- _EXCERPTED RECORDS_
· · · · ·
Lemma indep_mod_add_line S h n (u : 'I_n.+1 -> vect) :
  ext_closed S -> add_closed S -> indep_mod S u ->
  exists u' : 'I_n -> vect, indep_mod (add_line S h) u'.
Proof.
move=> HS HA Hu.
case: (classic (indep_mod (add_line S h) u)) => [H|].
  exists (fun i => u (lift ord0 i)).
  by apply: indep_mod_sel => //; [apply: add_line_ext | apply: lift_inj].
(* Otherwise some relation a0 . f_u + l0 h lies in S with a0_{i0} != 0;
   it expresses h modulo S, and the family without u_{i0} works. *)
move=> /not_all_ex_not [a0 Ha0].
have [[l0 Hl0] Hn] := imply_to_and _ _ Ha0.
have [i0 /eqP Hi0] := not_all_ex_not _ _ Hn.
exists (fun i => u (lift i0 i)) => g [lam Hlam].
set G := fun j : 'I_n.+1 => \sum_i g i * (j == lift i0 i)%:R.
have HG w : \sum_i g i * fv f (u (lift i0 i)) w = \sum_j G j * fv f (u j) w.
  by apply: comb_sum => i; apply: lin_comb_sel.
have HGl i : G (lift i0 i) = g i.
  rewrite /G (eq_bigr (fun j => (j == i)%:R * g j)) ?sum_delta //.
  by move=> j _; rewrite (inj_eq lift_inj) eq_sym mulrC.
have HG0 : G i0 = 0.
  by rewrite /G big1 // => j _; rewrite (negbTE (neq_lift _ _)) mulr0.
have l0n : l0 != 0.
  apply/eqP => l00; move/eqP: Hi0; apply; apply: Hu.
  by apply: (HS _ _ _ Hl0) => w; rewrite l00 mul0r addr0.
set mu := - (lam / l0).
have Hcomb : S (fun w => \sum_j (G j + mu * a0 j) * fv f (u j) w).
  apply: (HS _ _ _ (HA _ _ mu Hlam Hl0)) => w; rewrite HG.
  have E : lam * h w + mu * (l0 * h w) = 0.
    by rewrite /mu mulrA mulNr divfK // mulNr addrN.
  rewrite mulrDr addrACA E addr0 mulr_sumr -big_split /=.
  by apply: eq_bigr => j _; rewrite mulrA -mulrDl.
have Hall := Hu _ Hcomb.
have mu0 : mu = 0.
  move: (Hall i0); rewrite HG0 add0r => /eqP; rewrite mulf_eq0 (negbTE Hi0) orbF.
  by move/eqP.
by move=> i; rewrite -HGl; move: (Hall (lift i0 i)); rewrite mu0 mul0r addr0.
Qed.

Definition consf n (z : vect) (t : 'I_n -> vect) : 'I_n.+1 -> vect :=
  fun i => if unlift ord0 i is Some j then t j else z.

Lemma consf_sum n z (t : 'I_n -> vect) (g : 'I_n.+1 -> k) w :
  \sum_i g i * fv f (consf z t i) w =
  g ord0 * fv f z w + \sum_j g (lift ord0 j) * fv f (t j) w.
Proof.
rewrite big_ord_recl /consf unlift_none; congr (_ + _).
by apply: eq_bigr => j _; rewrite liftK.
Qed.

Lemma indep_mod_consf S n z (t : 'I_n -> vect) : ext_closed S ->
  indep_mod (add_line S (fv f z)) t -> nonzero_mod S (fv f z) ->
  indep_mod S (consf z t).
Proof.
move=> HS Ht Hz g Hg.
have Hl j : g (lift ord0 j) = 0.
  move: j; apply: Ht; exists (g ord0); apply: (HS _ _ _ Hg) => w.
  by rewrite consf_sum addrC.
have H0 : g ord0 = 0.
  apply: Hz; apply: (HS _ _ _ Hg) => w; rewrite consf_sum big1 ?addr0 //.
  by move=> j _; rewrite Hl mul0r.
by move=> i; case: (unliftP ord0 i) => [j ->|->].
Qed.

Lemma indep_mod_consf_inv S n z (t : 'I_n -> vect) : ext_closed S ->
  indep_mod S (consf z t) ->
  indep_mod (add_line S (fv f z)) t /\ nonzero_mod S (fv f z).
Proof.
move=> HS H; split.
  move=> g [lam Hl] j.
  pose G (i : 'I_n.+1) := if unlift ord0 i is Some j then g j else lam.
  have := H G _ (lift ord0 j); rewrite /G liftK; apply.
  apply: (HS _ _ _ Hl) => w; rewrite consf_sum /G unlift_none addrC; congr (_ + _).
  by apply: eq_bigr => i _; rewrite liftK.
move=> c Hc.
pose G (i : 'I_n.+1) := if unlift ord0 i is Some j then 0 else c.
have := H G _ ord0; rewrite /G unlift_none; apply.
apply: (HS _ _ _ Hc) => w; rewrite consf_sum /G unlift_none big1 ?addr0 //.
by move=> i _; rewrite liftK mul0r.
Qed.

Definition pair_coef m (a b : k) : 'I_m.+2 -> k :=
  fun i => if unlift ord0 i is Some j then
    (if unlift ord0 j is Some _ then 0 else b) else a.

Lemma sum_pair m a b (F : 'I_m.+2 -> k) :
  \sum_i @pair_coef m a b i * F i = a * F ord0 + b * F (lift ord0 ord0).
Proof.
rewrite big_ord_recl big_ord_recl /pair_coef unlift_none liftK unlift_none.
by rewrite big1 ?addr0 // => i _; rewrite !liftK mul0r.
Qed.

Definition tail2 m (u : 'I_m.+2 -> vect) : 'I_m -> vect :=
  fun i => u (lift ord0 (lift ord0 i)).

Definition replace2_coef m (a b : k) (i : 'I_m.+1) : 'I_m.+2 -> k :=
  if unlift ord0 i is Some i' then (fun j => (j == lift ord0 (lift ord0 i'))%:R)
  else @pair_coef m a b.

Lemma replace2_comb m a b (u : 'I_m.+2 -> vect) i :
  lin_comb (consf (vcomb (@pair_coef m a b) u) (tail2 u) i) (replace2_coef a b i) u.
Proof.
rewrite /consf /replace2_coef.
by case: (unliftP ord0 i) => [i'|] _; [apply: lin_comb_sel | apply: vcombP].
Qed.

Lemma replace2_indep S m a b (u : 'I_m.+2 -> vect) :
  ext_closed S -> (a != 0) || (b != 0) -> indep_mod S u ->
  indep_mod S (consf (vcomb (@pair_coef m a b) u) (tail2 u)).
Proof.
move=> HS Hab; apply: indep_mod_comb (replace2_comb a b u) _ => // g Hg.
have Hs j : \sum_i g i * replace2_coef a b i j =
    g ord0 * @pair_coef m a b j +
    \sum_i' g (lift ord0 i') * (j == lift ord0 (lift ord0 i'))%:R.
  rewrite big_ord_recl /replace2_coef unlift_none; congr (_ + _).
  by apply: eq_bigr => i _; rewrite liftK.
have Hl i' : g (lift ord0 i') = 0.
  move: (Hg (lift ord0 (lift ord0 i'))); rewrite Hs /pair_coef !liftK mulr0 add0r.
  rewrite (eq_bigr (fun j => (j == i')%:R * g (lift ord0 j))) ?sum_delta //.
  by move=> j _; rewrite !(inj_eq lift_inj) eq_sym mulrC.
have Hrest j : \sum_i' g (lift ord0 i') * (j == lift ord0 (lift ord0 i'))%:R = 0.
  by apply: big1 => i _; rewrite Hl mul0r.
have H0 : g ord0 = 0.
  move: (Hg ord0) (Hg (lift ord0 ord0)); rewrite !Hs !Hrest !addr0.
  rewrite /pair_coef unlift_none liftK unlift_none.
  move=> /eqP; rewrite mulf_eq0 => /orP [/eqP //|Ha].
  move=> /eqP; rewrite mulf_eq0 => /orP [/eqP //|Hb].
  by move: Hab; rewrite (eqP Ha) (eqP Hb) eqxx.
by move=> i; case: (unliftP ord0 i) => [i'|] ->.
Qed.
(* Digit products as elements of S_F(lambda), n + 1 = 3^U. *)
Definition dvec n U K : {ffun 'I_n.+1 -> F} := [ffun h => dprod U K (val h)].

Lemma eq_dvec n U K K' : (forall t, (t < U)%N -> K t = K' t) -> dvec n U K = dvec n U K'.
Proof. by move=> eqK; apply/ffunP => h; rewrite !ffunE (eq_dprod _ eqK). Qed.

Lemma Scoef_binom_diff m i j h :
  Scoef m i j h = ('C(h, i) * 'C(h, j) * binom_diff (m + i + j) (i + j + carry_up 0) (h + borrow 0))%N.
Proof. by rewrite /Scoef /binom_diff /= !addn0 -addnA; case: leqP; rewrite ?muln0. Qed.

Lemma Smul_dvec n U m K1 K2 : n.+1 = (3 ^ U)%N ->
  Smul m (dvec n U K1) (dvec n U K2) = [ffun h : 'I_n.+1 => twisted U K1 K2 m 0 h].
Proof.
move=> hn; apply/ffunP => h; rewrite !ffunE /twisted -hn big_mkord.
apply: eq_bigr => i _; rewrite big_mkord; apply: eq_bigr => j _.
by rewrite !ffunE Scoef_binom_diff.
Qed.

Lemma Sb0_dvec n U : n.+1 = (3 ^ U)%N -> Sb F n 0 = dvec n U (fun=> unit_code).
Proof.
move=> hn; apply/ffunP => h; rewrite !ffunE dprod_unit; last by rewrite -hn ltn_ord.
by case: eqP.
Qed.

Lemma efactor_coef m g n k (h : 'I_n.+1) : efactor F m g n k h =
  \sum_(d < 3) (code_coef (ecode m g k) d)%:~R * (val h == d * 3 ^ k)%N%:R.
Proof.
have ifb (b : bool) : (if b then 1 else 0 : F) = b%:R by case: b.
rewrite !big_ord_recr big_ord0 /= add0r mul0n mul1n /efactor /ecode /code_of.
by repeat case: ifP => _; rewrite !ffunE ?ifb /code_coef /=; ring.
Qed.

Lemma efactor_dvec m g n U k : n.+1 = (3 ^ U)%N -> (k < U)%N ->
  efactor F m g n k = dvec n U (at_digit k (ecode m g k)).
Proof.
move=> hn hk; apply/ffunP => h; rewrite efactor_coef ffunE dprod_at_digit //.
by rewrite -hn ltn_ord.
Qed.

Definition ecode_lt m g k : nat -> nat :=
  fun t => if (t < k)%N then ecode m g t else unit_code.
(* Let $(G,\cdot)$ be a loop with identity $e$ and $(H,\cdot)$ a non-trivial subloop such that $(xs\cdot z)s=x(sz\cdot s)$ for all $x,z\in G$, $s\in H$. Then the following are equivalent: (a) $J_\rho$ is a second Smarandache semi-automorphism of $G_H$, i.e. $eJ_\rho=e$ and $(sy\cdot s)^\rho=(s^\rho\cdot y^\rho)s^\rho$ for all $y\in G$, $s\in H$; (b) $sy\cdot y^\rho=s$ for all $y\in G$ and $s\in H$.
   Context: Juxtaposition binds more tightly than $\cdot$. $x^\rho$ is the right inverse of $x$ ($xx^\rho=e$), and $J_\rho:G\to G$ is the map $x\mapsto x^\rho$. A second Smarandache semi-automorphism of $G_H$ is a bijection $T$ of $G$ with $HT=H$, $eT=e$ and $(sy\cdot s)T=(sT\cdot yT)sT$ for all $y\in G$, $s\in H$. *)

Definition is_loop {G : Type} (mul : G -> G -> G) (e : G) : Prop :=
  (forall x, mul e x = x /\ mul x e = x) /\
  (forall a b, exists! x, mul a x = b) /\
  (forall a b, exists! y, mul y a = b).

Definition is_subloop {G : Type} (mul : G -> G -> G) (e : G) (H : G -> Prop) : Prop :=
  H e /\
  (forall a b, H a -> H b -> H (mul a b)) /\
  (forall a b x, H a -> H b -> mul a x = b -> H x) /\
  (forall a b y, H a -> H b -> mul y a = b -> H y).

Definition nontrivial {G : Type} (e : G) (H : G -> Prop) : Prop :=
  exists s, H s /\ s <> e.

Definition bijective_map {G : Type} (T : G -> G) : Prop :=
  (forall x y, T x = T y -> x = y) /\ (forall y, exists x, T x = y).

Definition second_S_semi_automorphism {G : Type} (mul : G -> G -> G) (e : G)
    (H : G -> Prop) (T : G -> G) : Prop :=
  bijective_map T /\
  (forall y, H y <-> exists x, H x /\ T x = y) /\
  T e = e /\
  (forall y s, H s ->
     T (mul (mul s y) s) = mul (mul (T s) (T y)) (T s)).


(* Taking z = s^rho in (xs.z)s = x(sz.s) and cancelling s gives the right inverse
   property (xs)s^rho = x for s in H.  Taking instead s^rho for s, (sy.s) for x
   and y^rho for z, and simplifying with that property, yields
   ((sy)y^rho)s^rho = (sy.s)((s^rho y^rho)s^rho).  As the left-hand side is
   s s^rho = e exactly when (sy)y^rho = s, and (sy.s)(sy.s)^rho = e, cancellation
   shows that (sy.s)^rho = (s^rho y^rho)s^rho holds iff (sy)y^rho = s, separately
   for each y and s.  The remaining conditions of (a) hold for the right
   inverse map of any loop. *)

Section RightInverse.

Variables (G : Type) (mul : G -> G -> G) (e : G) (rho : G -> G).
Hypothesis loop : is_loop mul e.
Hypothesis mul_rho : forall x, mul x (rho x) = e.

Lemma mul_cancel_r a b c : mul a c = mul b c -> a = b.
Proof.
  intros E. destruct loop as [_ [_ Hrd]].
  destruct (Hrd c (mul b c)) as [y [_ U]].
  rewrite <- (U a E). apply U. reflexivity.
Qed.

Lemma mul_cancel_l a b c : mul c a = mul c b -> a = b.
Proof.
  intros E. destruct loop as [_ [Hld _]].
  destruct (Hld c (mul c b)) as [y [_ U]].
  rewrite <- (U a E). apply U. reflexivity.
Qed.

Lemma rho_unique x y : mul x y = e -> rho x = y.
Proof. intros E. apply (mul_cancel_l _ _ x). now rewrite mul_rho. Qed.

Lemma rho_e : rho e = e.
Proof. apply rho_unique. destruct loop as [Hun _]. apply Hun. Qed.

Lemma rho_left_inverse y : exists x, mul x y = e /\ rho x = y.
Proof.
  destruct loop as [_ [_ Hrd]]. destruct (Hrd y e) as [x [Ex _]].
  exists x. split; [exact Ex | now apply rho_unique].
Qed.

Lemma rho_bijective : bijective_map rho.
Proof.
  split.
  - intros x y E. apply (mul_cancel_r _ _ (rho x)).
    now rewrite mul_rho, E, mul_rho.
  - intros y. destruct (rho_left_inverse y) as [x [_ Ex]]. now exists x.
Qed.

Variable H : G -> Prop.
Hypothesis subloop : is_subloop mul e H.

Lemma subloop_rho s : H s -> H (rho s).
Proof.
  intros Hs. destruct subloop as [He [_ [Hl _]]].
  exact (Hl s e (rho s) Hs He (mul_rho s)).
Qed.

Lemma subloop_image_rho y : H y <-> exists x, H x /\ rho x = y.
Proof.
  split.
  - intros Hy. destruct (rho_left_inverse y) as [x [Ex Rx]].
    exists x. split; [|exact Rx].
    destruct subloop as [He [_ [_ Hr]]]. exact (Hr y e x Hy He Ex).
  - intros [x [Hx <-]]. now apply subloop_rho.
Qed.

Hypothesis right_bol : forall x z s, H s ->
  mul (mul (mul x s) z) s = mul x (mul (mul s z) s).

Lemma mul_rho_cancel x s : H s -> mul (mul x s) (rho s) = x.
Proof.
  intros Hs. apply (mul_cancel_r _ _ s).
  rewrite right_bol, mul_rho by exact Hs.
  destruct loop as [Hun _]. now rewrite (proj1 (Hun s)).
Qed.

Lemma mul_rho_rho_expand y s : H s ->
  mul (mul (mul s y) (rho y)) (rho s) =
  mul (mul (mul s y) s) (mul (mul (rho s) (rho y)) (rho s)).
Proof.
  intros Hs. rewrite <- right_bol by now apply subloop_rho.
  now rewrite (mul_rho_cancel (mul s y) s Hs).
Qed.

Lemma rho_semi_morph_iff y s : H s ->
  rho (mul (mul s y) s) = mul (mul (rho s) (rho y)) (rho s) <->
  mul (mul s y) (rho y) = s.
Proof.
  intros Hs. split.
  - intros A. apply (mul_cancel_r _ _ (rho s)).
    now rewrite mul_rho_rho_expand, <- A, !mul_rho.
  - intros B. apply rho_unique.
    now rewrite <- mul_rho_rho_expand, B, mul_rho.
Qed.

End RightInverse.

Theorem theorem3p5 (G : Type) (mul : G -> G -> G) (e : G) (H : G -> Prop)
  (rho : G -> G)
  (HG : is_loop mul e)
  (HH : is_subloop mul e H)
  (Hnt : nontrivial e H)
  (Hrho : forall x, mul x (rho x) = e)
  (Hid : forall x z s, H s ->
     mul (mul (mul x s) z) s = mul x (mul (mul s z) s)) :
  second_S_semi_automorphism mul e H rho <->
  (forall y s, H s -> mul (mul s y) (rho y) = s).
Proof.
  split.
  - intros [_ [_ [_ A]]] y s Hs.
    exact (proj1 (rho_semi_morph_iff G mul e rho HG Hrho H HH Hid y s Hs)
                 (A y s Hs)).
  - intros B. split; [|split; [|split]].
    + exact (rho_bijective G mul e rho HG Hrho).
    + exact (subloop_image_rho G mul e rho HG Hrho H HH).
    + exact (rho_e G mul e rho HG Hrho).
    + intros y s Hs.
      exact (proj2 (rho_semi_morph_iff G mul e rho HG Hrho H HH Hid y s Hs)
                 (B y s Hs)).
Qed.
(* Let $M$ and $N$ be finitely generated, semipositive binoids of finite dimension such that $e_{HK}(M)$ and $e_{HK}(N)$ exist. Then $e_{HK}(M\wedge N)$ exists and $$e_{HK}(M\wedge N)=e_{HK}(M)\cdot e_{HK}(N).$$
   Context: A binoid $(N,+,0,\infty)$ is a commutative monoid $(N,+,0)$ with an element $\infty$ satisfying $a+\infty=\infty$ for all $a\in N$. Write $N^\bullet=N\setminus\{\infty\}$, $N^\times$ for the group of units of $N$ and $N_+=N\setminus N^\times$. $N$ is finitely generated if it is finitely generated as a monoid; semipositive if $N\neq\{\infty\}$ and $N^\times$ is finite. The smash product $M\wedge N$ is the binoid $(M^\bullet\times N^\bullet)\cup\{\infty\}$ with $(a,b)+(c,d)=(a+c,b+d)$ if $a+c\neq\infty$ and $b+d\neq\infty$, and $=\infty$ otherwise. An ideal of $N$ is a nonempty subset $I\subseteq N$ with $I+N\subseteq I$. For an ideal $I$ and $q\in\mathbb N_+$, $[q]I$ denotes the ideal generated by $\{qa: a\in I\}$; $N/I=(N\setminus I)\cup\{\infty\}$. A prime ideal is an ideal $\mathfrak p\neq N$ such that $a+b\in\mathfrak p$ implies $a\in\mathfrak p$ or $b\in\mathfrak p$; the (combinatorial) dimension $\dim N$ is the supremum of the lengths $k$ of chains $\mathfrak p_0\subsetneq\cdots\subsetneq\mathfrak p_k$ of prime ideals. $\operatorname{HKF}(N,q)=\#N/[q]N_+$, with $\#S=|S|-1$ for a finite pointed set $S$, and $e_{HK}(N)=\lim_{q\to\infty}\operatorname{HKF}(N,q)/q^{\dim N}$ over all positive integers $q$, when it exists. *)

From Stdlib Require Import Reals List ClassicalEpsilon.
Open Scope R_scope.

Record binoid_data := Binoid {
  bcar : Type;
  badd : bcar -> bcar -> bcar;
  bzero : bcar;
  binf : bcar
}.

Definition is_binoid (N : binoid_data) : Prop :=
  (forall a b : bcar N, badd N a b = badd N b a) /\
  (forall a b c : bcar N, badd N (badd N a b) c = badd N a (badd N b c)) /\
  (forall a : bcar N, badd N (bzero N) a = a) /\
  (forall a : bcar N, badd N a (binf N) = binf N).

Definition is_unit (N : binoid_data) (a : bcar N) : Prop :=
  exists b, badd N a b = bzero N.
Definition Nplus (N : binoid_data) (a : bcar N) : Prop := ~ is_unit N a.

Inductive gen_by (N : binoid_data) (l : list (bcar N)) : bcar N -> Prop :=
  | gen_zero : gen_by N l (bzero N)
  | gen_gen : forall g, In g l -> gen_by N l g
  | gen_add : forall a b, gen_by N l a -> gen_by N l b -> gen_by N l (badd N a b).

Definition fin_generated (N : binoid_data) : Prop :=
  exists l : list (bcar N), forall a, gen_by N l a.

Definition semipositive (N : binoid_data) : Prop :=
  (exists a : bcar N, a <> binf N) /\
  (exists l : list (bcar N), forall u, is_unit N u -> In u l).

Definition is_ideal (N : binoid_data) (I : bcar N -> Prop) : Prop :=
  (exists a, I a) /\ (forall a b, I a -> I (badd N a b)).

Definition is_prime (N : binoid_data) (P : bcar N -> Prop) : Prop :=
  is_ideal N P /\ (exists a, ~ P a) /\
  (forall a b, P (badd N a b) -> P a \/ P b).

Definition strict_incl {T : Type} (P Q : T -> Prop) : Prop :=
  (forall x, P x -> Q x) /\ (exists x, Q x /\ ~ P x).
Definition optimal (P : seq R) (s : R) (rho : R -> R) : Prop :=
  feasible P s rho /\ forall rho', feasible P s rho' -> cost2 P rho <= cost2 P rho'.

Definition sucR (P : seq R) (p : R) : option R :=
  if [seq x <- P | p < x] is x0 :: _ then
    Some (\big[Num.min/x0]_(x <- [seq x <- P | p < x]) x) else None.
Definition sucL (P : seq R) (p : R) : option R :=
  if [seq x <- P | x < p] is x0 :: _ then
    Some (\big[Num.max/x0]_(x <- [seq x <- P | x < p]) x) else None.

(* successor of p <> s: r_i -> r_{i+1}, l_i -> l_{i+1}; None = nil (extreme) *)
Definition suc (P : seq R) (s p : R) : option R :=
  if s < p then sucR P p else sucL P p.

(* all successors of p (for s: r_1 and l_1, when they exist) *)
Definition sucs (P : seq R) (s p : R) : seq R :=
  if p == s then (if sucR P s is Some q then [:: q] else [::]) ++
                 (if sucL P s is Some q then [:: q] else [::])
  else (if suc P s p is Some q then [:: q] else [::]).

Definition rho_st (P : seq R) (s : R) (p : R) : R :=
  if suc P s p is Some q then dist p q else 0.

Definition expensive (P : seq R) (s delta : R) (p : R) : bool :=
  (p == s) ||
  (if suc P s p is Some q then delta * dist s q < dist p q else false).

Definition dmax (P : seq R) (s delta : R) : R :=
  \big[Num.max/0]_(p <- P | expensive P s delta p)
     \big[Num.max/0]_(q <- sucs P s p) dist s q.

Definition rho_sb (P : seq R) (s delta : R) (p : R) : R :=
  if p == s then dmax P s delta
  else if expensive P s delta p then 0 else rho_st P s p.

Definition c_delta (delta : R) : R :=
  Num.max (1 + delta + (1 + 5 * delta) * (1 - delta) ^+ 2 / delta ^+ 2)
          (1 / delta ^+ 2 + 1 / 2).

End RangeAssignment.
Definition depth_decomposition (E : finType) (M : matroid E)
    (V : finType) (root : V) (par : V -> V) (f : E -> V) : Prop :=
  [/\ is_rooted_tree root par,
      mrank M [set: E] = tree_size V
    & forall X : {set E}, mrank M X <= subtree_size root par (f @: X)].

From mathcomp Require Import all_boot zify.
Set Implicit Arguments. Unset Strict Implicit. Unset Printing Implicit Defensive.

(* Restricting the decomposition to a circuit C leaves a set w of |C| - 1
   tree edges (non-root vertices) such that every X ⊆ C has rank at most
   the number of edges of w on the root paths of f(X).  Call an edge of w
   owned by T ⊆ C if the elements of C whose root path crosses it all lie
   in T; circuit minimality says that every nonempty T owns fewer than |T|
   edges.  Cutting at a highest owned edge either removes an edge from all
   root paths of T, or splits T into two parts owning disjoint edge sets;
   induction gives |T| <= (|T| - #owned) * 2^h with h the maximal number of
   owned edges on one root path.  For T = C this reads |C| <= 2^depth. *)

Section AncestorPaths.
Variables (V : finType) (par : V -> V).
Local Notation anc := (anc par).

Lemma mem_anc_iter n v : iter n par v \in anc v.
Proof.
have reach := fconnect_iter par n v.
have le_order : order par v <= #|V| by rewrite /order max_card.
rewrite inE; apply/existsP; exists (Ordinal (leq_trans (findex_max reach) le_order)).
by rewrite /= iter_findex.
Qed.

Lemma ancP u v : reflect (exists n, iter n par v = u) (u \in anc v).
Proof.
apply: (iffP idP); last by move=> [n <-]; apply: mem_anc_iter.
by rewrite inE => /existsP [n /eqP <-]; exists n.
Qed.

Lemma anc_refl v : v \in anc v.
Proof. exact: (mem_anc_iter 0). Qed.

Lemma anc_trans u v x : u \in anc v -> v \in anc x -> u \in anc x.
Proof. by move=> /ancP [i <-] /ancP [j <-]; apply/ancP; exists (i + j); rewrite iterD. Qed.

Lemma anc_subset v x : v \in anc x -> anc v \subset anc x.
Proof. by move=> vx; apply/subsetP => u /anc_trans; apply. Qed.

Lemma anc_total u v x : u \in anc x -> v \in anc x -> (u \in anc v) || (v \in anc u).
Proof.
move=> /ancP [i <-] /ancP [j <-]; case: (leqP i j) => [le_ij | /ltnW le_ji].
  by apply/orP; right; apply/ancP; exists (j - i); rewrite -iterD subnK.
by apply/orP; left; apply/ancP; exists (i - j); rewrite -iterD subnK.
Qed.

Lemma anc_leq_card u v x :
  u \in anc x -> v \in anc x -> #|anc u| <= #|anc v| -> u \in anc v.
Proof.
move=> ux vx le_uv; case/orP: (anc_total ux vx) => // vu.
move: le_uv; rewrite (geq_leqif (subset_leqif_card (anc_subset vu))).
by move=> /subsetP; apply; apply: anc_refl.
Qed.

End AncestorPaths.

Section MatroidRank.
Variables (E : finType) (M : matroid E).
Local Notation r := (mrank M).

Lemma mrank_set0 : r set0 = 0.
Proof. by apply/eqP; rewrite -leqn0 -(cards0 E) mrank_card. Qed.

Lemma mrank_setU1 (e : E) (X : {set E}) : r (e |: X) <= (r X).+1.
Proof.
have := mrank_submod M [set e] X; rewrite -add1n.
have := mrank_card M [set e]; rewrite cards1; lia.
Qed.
· · · · ·
- _ACTIVITY_
Each line from the beginning of the entries to the line with "exists (fun i => u (lift ord0 i))." must be repeated exactly, with both end lines kept and no other lines given.

- _EXERCISE SOLUTION_
Lemma indep_mod_add_line S h n (u : 'I_n.+1 -> vect) :
  ext_closed S -> add_closed S -> indep_mod S u ->
  exists u' : 'I_n -> vect, indep_mod (add_line S h) u'.
Proof.
move=> HS HA Hu.
case: (classic (indep_mod (add_line S h) u)) => [H|].
  exists (fun i => u (lift ord0 i)).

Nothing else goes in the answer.